Я забываю обо всем и начинаю рассказывать.
— Дионис разгневался! И от этого гнева все кругом сразу опьянело, все потеряло голову — все перемешалось в хаосе! Все скачут, прыгают, кричат, хохочут. Он отнял разум! Вся толпа людей опьянела сразу!..
В этой толпе самые спокойные, сохранившие разум — это пантеры, они смотрят с презрением на людей…
А над всем этим — Дионис, женственный, но величественный и гневный, полуподнявшийся со своего золоченого ложа!
— Как я завидую вам, Татьяна Александровна! — говорит Сидоренко. — При таком увлечении искусством можно совсем забыть об окружающей жизни!
— Не всегда! — говорю я со вздохом.
Сидоренко насторожился. Я быстро меняю тему разговора.
— Были ли вы у наших?
— Нет, я ехал югом через Волочиск, но я написал Евгении Львовне, что еду сюда… кстати, идя к вам, я встретил Старка, Что он тут делает? Кажется, в Кампании насчет лесов слабо. Он был у вас?
— Он бывает. Если вы придете ко мне завтра, то его увидите.
— Мне бы хотелось лучше поболтать с вами, по-прежнему… как бывало в С. Эх, славное было время! — встряхивает он кудрями, — А вы скоро в Питер?
— Не знаю. Как кончу картину, поеду не надолго, а потом опять вернусь! — говорю я грустно.
— Вы опять вернетесь! — восклицает он радостно.
— Да, весной, — поправляюсь я, — только за картиной.

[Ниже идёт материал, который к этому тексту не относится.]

(* Cramer's rule writes D s = al a + be b + ga e with D = det(a, b, e) and
   ga = det(a, b, s); when q(a) = q(b) = 0 every term of q(D s) but al be B(a, b)
   contains ga. *)
Lemma qf_cramer A a b e s : qf A a = 0 -> qf A b = 0 ->
  dot (cross a b) e ^+ 2 * qf A s =
    dot (cross b e) s * dot (cross e a) s * bf A a b +
    dot (cross a b) s *
      dot (bf A a e *: cross b e + bf A b e *: cross e a + qf A e *: cross a b) s.
Proof.
move=> qa qb; rewrite -qfZ cramer qf_lin3 qa qb !dotDl !dotZl !(dotC _ s); ring.
Qed.

Lemma not_integral_of_isotropic_pair A a b :
  a != 0 -> b != 0 -> ~~ same_pt a b -> qf A a = 0 -> qf A b = 0 -> bf A a b = 0 ->
  ~ integral_conic A.
Proof.
move=> a_neq0 b_neq0 ab qa qb bab; apply.
have [e] := exists_dot_neq0 (cross_neq0 a_neq0 b_neq0 ab); rewrite dotC => D_neq0.
set D := dot (cross a b) e in D_neq0.
exists (cross a b).
exists ((D ^+ 2)^-1 *: (bf A a e *: cross b e + bf A b e *: cross e a + qf A e *: cross a b)).
move=> s.
apply: (mulfI (expf_neq0 2 D_neq0)).
by rewrite qf_cramer // bab mulr0 add0r dotZl mulrCA mulVKf // expf_neq0.
Qed.

Lemma same_pt_of_scaled (d c : C) x y : d != 0 -> x != 0 -> d *: x = c *: y -> same_pt x y.
Proof.
move=> d_neq0 x_neq0 /(congr1 ( *:%R d^-1)); rewrite !scalerA mulVf // scale1r.
exact: same_ptZ.
Qed.

Lemma integral_conic_no_three_collinear A L a b c : integral_conic A -> L != 0 ->
  a != 0 -> b != 0 -> c != 0 ->
  ~~ same_pt a b -> ~~ same_pt c a -> ~~ same_pt c b ->
  qf A a = 0 -> qf A b = 0 -> qf A c = 0 ->
  dot L a = 0 -> dot L b = 0 -> dot L c = 0 -> False.
Proof.
move=> intA L_neq0 a_neq0 b_neq0 c_neq0 ab ca cb qa qb qc La Lb Lc.
have ab_neq0 := cross_neq0 a_neq0 b_neq0 ab.
have [k def_L] := line_through2 ab_neq0 La Lb.
have k_neq0 : k != 0 by apply: contraNneq L_neq0 => k0; rewrite def_L k0 scale0r.
have abc : dot (cross a b) c = 0.
  by apply/eqP; move: Lc; rewrite def_L dotZl => /eqP; rewrite mulf_eq0 (negbTE k_neq0).
have [e] := exists_dot_neq0 ab_neq0; rewrite dotC => D_neq0.
have := cramer a b e c; rewrite abc scale0r addr0 => Dc.
have := qf_cramer e c qa qb; rewrite qc abc mul0r addr0 mulr0.
move=> /esym/eqP; rewrite !mulf_eq0 => /orP[/orP[/eqP al0 | /eqP be0] | /eqP bab].
- by move: Dc; rewrite al0 scale0r add0r => /(same_pt_of_scaled D_neq0 c_neq0); apply/negP.
- by move: Dc; rewrite be0 scale0r addr0 => /(same_pt_of_scaled D_neq0 c_neq0); apply/negP.
- exact: not_integral_of_isotropic_pair a_neq0 b_neq0 ab qa qb bab intA.
Qed.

Он смотрит на меня испытующе.
Я делаю вид, что не замечаю его взгляда, звоню и велю подавать завтрак.
Сидоренко не идет статское платье, он привык носить форму. В кителе и высоких сапогах, а особенно в русской рубашке он даже красив со своим румяным лицом и вьющимися волосами, но сюртук сидит на нем скверно, галстук ужасно безвкусен, и я понимаю, что эстетические чувства Васеньки были оскорблены его видом.
Пока я завариваю кофе и расставляю тарелки с холодными закусками, Сидоренко обращается к Васеньке;
— Вы постоянный житель Рима?
— Да, — отвечает тот, бросая презрительный взгляд на Сидоренко, — я уже пятнадцать лет здесь, — А вы не скучаете по России?
— А что я там забыл?
— Все же родина. Я бы вдали от нее и года не прожил.
— А вы что делаете для этой родины? Служите да жалованье получаете. Что, вы кровью своей ее поливаете?
— Все мы мало делаем для родины, — говорит Сидоренко улыбаясь, — но любишь родину бессознательной любовью. Разве дитя, любя мать, жертвует для нее чем-нибудь — просто любит родное лицо. Я люблю Россию за ее ширь-простор, ..
— Ширь и простор! Так поезжайте в Пампасы или в Сахару.
— Ну, за русскую песню, за русскую удаль, за ширину характера русского человека, за русскую женщину! Я люблю и проселочную дорогу, и ракиты у реки. Я волжанин, и для меня нет лучше музыки, чем бурлацкая песня!
— Вы где печатаете? — вдруг спрашивает Васенька серьезно.
— Что? — удивляется Сидоренко.
— Да стихи. Я как будто читал что-то ваше, кажется, «не гулял с кистенем я в дремучем лесу!».
— Васенька! — шепчу я в ужасе. Но Васенька сорвался.